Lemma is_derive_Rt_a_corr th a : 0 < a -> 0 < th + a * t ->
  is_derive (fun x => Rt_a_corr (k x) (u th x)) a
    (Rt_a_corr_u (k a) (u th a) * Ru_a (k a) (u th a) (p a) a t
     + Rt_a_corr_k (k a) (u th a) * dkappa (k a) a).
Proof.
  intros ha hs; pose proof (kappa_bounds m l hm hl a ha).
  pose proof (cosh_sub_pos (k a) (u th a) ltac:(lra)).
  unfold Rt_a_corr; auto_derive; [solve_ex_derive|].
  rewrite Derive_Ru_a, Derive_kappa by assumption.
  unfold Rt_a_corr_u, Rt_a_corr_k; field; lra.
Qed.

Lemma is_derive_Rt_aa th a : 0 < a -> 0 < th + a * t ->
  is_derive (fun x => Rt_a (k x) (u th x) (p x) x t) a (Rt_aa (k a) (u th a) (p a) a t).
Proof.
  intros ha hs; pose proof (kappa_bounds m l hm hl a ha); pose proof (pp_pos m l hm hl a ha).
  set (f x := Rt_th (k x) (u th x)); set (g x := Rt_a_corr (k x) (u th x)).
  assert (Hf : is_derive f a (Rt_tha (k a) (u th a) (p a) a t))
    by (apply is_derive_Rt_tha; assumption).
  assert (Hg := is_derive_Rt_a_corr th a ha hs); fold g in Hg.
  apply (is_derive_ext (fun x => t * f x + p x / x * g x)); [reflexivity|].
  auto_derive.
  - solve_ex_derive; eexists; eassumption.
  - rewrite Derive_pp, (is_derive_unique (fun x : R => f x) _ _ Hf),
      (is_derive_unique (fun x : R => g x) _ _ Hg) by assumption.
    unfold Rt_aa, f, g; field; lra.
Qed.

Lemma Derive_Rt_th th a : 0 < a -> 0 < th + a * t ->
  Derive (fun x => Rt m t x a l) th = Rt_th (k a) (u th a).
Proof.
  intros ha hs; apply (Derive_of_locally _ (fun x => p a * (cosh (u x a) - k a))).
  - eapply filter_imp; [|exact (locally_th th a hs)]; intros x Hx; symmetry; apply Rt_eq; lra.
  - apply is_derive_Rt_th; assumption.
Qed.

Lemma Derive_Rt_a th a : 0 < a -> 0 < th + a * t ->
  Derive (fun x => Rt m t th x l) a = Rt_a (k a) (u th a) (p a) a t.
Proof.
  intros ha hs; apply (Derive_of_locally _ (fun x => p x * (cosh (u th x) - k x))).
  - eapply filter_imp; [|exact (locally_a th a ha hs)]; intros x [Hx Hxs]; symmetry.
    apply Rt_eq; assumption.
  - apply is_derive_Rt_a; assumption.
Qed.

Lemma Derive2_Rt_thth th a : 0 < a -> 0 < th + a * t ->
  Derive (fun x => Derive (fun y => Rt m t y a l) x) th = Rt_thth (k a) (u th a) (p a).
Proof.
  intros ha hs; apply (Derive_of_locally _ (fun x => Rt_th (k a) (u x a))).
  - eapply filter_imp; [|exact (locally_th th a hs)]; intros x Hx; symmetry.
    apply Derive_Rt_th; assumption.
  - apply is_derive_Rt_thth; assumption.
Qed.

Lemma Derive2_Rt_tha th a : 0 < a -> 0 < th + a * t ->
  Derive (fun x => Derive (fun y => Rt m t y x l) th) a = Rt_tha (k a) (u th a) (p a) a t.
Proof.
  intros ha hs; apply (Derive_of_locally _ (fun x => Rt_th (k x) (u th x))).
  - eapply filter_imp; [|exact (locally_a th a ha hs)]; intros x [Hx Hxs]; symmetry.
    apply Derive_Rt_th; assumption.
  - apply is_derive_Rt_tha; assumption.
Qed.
****************
* **What to work on**: Above are some records; repeat all of them exactly.

* **Task answer**:
Lemma is_derive_Rt_a_corr th a : 0 < a -> 0 < th + a * t ->
  is_derive (fun x => Rt_a_corr (k x) (u th x)) a
    (Rt_a_corr_u (k a) (u th a) * Ru_a (k a) (u th a) (p a) a t
     + Rt_a_corr_k (k a) (u th a) * dkappa (k a) a).
Proof.
  intros ha hs; pose proof (kappa_bounds m l hm hl a ha).
  pose proof (cosh_sub_pos (k a) (u th a) ltac:(lra)).
  unfold Rt_a_corr; auto_derive; [solve_ex_derive|].
  rewrite Derive_Ru_a, Derive_kappa by assumption.
  unfold Rt_a_corr_u, Rt_a_corr_k; field; lra.
Qed.

Lemma is_derive_Rt_aa th a : 0 < a -> 0 < th + a * t ->
  is_derive (fun x => Rt_a (k x) (u th x) (p x) x t) a (Rt_aa (k a) (u th a) (p a) a t).
Proof.
  intros ha hs; pose proof (kappa_bounds m l hm hl a ha); pose proof (pp_pos m l hm hl a ha).
  set (f x := Rt_th (k x) (u th x)); set (g x := Rt_a_corr (k x) (u th x)).
  assert (Hf : is_derive f a (Rt_tha (k a) (u th a) (p a) a t))
    by (apply is_derive_Rt_tha; assumption).
  assert (Hg := is_derive_Rt_a_corr th a ha hs); fold g in Hg.
  apply (is_derive_ext (fun x => t * f x + p x / x * g x)); [reflexivity|].
  auto_derive.
  - solve_ex_derive; eexists; eassumption.
  - rewrite Derive_pp, (is_derive_unique (fun x : R => f x) _ _ Hf),
      (is_derive_unique (fun x : R => g x) _ _ Hg) by assumption.
    unfold Rt_aa, f, g; field; lra.
Qed.

Lemma Derive_Rt_th th a : 0 < a -> 0 < th + a * t ->
  Derive (fun x => Rt m t x a l) th = Rt_th (k a) (u th a).
Proof.
  intros ha hs; apply (Derive_of_locally _ (fun x => p a * (cosh (u x a) - k a))).
  - eapply filter_imp; [|exact (locally_th th a hs)]; intros x Hx; symmetry; apply Rt_eq; lra.
  - apply is_derive_Rt_th; assumption.
Qed.

Lemma Derive_Rt_a th a : 0 < a -> 0 < th + a * t ->
  Derive (fun x => Rt m t th x l) a = Rt_a (k a) (u th a) (p a) a t.
Proof.
  intros ha hs; apply (Derive_of_locally _ (fun x => p x * (cosh (u th x) - k x))).
  - eapply filter_imp; [|exact (locally_a th a ha hs)]; intros x [Hx Hxs]; symmetry.
    apply Rt_eq; assumption.
  - apply is_derive_Rt_a; assumption.
Qed.

Lemma Derive2_Rt_thth th a : 0 < a -> 0 < th + a * t ->
  Derive (fun x => Derive (fun y => Rt m t y a l) x) th = Rt_thth (k a) (u th a) (p a).
Proof.
  intros ha hs; apply (Derive_of_locally _ (fun x => Rt_th (k a) (u x a))).
  - eapply filter_imp; [|exact (locally_th th a hs)]; intros x Hx; symmetry.
    apply Derive_Rt_th; assumption.
  - apply is_derive_Rt_thth; assumption.
Qed.

Lemma Derive2_Rt_tha th a : 0 < a -> 0 < th + a * t ->
  Derive (fun x => Derive (fun y => Rt m t y x l) th) a = Rt_tha (k a) (u th a) (p a) a t.
Proof.
  intros ha hs; apply (Derive_of_locally _ (fun x => Rt_th (k x) (u th x))).
  - eapply filter_imp; [|exact (locally_a th a ha hs)]; intros x [Hx Hxs]; symmetry.
    apply Derive_Rt_th; assumption.
  - apply is_derive_Rt_tha; assumption.
Qed.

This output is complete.